SCIENTISTS have made a breakthrough in helping tackle typhoid among slum dwellers.
The University of Brighton team won funding from the Bill and Melinda Gates Foundation to carry out the work.
Focusing on people living in the Indian city of Kolkata, researchers shared the university’s methods of tracking micro-organisms to their source with Indian and US scientists.
They managed to use the method successfully for the first time to identify pollution of human origin in what is India’s second largest city.
James Ebdon, reader in the university’s school of environment and technology, said: “This breakthrough is an important first step in a three-year project to map environmental transmission routes of typhoid in urban India by combining novel microbiological protocols with social science approaches.”
Typhoid is a bacterial infection that can spread throughout the body, affecting many organs and without prompt treatment can be fatal.
It remains one of the most serious health burdens in India, particularly for children, and is compounded by poverty, inadequate water supply and poor sanitation.
It is hoped the breakthrough research by the Brighton scientists will demonstrate how typhoid spreads through poor urban communities so that more effective barriers to the disease can be put in place.
The work in India is the latest example of the Brighton team’s efforts to support disease prevention in developing countries.

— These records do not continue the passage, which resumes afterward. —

Lemma rdot_eq0 u : rdot u u = 0 -> u = 0.
Proof.
move/eqP; rewrite psumr_eq0 => [/allP u0|j _]; last by rewrite -expr2 sqr_ge0.
apply/rowP => j; rewrite mxE; apply/eqP.
by rewrite -sqrf_eq0 expr2; apply: u0; rewrite mem_index_enum.
Qed.

Lemma rnormE u : rnorm u = Num.sqrt (rdot u u).
Proof. by congr Num.sqrt; apply: eq_bigr => j _; rewrite expr2. Qed.

Lemma rnorm_sqr u : rnorm u ^+ 2 = rdot u u.
Proof. by rewrite rnormE sqr_sqrtr ?rdot_ge0. Qed.

Lemma rnorm_ge0 u : 0 <= rnorm u.
Proof. exact: sqrtr_ge0. Qed.

Lemma rnormZ c u : rnorm (c *: u) = `|c| * rnorm u.
Proof. by rewrite !rnormE rdotZl rdotZr mulrA -expr2 sqrtrM ?sqr_ge0 // sqrtr_sqr. Qed.

Lemma rnormN u : rnorm (- u) = rnorm u.
Proof. by rewrite -scaleN1r rnormZ normrN1 mul1r. Qed.

Lemma rnorm_eq0 u : rnorm u = 0 -> u = 0.
Proof. by move=> u0; apply: rdot_eq0; rewrite -rnorm_sqr u0 expr0n. Qed.

Lemma abs_coord_le_rnorm u j : `|u ord0 j| <= rnorm u.
Proof.
rewrite /rnorm -sqrtr_sqr ler_wsqrtr // (bigD1 j) //= lerDl.
by apply: sumr_ge0 => i _; rewrite sqr_ge0.
Qed.

End RealInnerProduct.

Section Tensor4.
Variables (R : realType) (k : nat).
Local Notation V := 'rV[R]_k.
Implicit Types (A B : tensor4 R k).

Lemma tpair_tsub A B (u1 u2 u3 u4 : V) :
  tpair (tsub A B) u1 u2 u3 u4 = tpair A u1 u2 u3 u4 - tpair B u1 u2 u3 u4.
Proof.
rewrite /tpair -sumrB; apply: eq_bigr => i1 _; rewrite -sumrB; apply: eq_bigr => i2 _.
rewrite -sumrB; apply: eq_bigr => i3 _; rewrite -sumrB; apply: eq_bigr => i4 _.
by rewrite /tsub; ring.
Qed.

Lemma tpair_tsum (I : Type) (r : seq I) (F : I -> tensor4 R k) (u1 u2 u3 u4 : V) :
  tpair (fun i1 i2 i3 i4 => \sum_(l <- r) F l i1 i2 i3 i4) u1 u2 u3 u4 =
  \sum_(l <- r) tpair (F l) u1 u2 u3 u4.
Proof.
rewrite /tpair [RHS]exchange_big; apply: eq_bigr => i1 _.
rewrite [RHS]exchange_big; apply: eq_bigr => i2 _.
rewrite [RHS]exchange_big; apply: eq_bigr => i3 _.
rewrite [RHS]exchange_big; apply: eq_bigr => i4 _.
by rewrite !mulr_suml.
Qed.

Lemma tpairZ1 c A (u1 u2 u3 u4 : V) :
  tpair A (c *: u1) u2 u3 u4 = c * tpair A u1 u2 u3 u4.
Proof.
rewrite /tpair mulr_sumr; apply: eq_bigr => i1 _; rewrite mulr_sumr; apply: eq_bigr => i2 _.
rewrite mulr_sumr; apply: eq_bigr => i3 _; rewrite mulr_sumr; apply: eq_bigr => i4 _.
by rewrite mxE; ring.
Qed.

Lemma tpair_tscale c A (u1 u2 u3 u4 : V) :
  tpair (fun i1 i2 i3 i4 => c * A i1 i2 i3 i4) u1 u2 u3 u4 = c * tpair A u1 u2 u3 u4.
Proof.
rewrite /tpair mulr_sumr; apply: eq_bigr => i1 _; rewrite mulr_sumr; apply: eq_bigr => i2 _.
rewrite mulr_sumr; apply: eq_bigr => i3 _; rewrite mulr_sumr; apply: eq_bigr => i4 _.
by rewrite !mulrA.
Qed.

Lemma tpair_rank1 (x1 x2 x3 x4 u1 u2 u3 u4 : V) :
  tpair (fun i1 i2 i3 i4 => x1 ord0 i1 * x2 ord0 i2 * x3 ord0 i3 * x4 ord0 i4) u1 u2 u3 u4
  = rdot x1 u1 * rdot x2 u2 * rdot x3 u3 * rdot x4 u4.
Proof.
rewrite /tpair /rdot -!mulrA big_distrl; apply: eq_bigr => i1 _ /=.
rewrite [X in _ = _ * X]big_distrl big_distrr; apply: eq_bigr => i2 _ /=.
rewrite [X in _ = _ * (_ * X)]big_distrl big_distrr big_distrr; apply: eq_bigr => i3 _ /=.
by rewrite !big_distrr; apply: eq_bigr => i4 _ /=; ring.
Qed.

Lemma sum_delta (F : 'I_k -> R) i : \sum_(j < k) (i == j)%:R * F j = F i.
Proof.
rewrite (bigD1 i) //= eqxx mul1r big1 ?addr0 // => j /negPf.
by rewrite eq_sym => ->; rewrite mul0r.
Qed.

Lemma sum_pairing (u1 u2 u3 u4 : V) :
  \sum_(i1 < k) \sum_(i2 < k) \sum_(i3 < k) \sum_(i4 < k)
    ((i1 == i2)%:R * (u1 ord0 i1 * u2 ord0 i2)) * ((i3 == i4)%:R * (u3 ord0 i3 * u4 ord0 i4))
  = rdot u1 u2 * rdot u3 u4.
Proof.
have rdotE (v w : V) : rdot v w = \sum_(i < k) \sum_(j < k) (i == j)%:R * (v ord0 i * w ord0 j).
  by apply: eq_bigr => i _; rewrite sum_delta.
rewrite !rdotE big_distrl; apply: eq_bigr => i1 _; rewrite big_distrl; apply: eq_bigr => i2 _.
by rewrite big_distrr; apply: eq_bigr => i3 _; rewrite big_distrr.
Qed.

Lemma tpair_Stensor (u1 u2 u3 u4 : V) :
  tpair (@Stensor R k) u1 u2 u3 u4 =
  rdot u1 u2 * rdot u3 u4 + rdot u1 u3 * rdot u2 u4 + rdot u1 u4 * rdot u2 u3.
Proof.
rewrite -(sum_pairing u1 u2) -(sum_pairing u1 u3) -(sum_pairing u1 u4).
under [X in _ = _ + X + _]eq_bigr do rewrite exchange_big.
under [X in _ = _ + X]eq_bigr do rewrite exchange_big.
under [X in _ = _ + X]eq_bigr do under eq_bigr do rewrite exchange_big.
rewrite /tpair -!big_split; apply: eq_bigr => i1 _; rewrite -!big_split; apply: eq_bigr => i2 _.
rewrite -!big_split; apply: eq_bigr => i3 _; rewrite -!big_split; apply: eq_bigr => i4 _ /=.
by rewrite /Stensor -!mulnb !natrM; ring.
Qed.
Lemma all_freduce (P : pred letter) u : all P u -> all P (freduce u).
Proof.
elim: u => //= l u IH /andP[Pl /IH].
case: (freduce u) => [|b t] /=; first by rewrite Pl.
by case: ifP => _ /andP[] //= -> ->; rewrite Pl.
Qed.

(* Reduction commutes with substitution, so
   [fapply] is well defined on reduced words, composes like functions, and only
   depends on the images of the generators up to reduction. *)

Definition subst_letter (A : bool * nat -> seq letter) (l : letter) : seq letter :=
  if l.2 then winv (A l.1) else A l.1.
Definition subst A (u : seq letter) : seq letter := flatten (map (subst_letter A) u).

Lemma fapplyE A u : fapply A u = freduce (subst A u).
Proof. by []. Qed.

Lemma subst_cat A u v : subst A (u ++ v) = subst A u ++ subst A v.
Proof. by rewrite /subst map_cat flatten_cat. Qed.

Lemma subst_cons A l u : subst A (l :: u) = subst_letter A l ++ subst A u.
Proof. by []. Qed.

Lemma subst_letter_pos A v : subst_letter A (v, false) = A v.
Proof. by []. Qed.

Lemma subst1 A v : subst A [:: (v, false)] = A v.
Proof. by rewrite /subst /= cats0. Qed.

Lemma subst1V A v : subst A [:: (v, true)] = winv (A v).
Proof. by rewrite /subst /= cats0. Qed.

Lemma subst_letter_linv A l : subst_letter A (linv l) = winv (subst_letter A l).
Proof. by case: l => a []; rewrite /subst_letter /linv /= ?winvK. Qed.

Lemma subst_winv A u : subst A (winv u) = winv (subst A u).
Proof.
elim: u => //= l u IH.
rewrite winv_cons subst_cat IH subst_cons winv_cat -subst_letter_linv.
by rewrite /subst /= cats0.
Qed.

Lemma subst_comp A B u : subst A (subst B u) = subst (fun v => subst A (B v)) u.
Proof.
elim: u => //= l u IH; rewrite !subst_cons subst_cat IH.
by rewrite /subst_letter; case: l.2; rewrite ?subst_winv.
Qed.

Lemma subst_id u : subst (fun v => [:: (v, false)]) u = u.
Proof. by elim: u => //= [[a []]] u IH; rewrite subst_cons IH. Qed.

Lemma subst_freduce A u : freduce (subst A (freduce u)) = freduce (subst A u).
Proof.
suff foldr_subst s : nored s ->
    foldr ccons s (subst A (freduce u)) = foldr ccons s (subst A u) by exact: foldr_subst.
elim: u s => // l u IH s ns.
rewrite freduce_cons [in RHS]subst_cons foldr_cat -IH // -foldr_cat.
case: (freduce u) => [|b t]; first by rewrite /subst /= cats0.
rewrite [ccons l _]/=; case: ifP => [/eqP ->|_] //.
rewrite subst_cons subst_letter_linv catA foldr_cat foldr_winvr //.
exact: foldr_nored.
Qed.

Lemma fapply_freduce A u : fapply A (freduce u) = fapply A u.
Proof. exact: subst_freduce. Qed.

Lemma fapply_cong A B u : (forall v, freduce (A v) = freduce (B v)) ->
  fapply A u = fapply B u.
Proof.
move=> AB; rewrite !fapplyE.
suff foldr_subst s : nored s ->
    foldr ccons s (subst A u) = foldr ccons s (subst B u) by exact: foldr_subst.
elim: u s => // l u IH s ns.
rewrite !subst_cons !foldr_cat IH //; apply: foldr_cong; first exact: foldr_nored.
by rewrite /subst_letter; case: l.2; [apply: freduce_winv_cong|].
Qed.

Lemma fapply_comp A B f :
  fapply A (fapply B f) = fapply (fun v => fapply A (B v)) f.
Proof.
rewrite !fapplyE subst_freduce subst_comp.
by apply: fapply_cong => v; rewrite freduceK.
Qed.

Lemma fapply_id u : fapply (fun v => [:: (v, false)]) u = freduce u.
Proof. by rewrite fapplyE subst_id. Qed.
(* For finite $W\subset\mathbb{Z}^2$ let $D(W)$ denote the set of integer points in the Euclidean convex hull of $W$. Let $D_1=D(\{(-3,0),(0,3),(1,2),(-2,-1)\})$, $D_2=D(\{(1,2),(3,0),(2,-1),(0,1)\})$, $D_3=D(\{(2,-1),(0,-3),(-1,-2),(1,0)\})$, $D_4=D(\{(-1,-2),(-2,-1),(-1,0),(0,-1)\})$, $D_5=D(\{(5,0),(7,2),(8,1),(6,-1)\})$, $D_6=D(\{(7,2),(8,3),(9,2),(9,0)\})$, $D_7=D(\{(9,0),(9,-2),(8,-3),(7,-2)\})$, $D_8=D(\{(7,-2),(6,-1),(7,0),(8,-1)\})$, and let $X=\{(4,0)\}\cup\bigcup_{i=1}^8 D_i$. Then $$B'=\{(-3,0),(0,-3),(0,3),(8,-3),(8,3),(9,-2),(9,-1),(9,1),(9,2)\}$$ is a minimal freezing set for $(X,c_2)$.
   Context: For $x\neq y$ in $\mathbb{Z}^2$, $x,y$ are $c_2$-adjacent if each coordinate differs by at most 1. $f:X\to X$ is $c_2$-continuous ($f\in C(X,c_2)$) if whenever $x,x'$ are $c_2$-adjacent, $f(x)$ and $f(x')$ are equal or $c_2$-adjacent. $\mathrm{Fix}(f)=\{x:f(x)=x\}$. $A\subset X$ is a freezing set for $(X,c_2)$ if every $f\in C(X,c_2)$ with $A\subset\mathrm{Fix}(f)$ is the identity on $X$; it is minimal if no proper subset of $A$ is a freezing set. *)

From Stdlib Require Import Reals ZArith List.
Import ListNotations.
Open Scope Z_scope.

Definition pt : Type := (Z * Z)%type.

Definition c2_adj (x y : pt) : Prop :=
  x <> y /\ Z.abs (fst x - fst y) <= 1 /\ Z.abs (snd x - snd y) <= 1.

Previously the team played a key role in responding to the 2010 cholera outbreak in Haiti and its advice was later sought by the World Health Organisation in response to the West African ebola outbreak.
Dr Ebdon led the Kolkata work, which is part of the Sanipath Typhoid project, run by the Global Centre for Safe Water, Sanitation and Hygiene at Emory University in Atlanta.
He works alongside the University of Brighton’s Diogo Trajano, a research fellow in the school of environment and technology, who has made similar progress in Africa, with funding from the Medical Research Council.
Huw Taylor, the university’s professor of microbial ecology, accompanied Dr Ebdon in India.
“He said: “This is a very exciting step forward for water and sanitation research at the university.
“In recent years we have become widely recognised for the global impact of our work but James’s success in India, along with Diogo’s advances in rural Kenya, are now using Brighton’s practical knowledge for the benefit of those in greatest need.”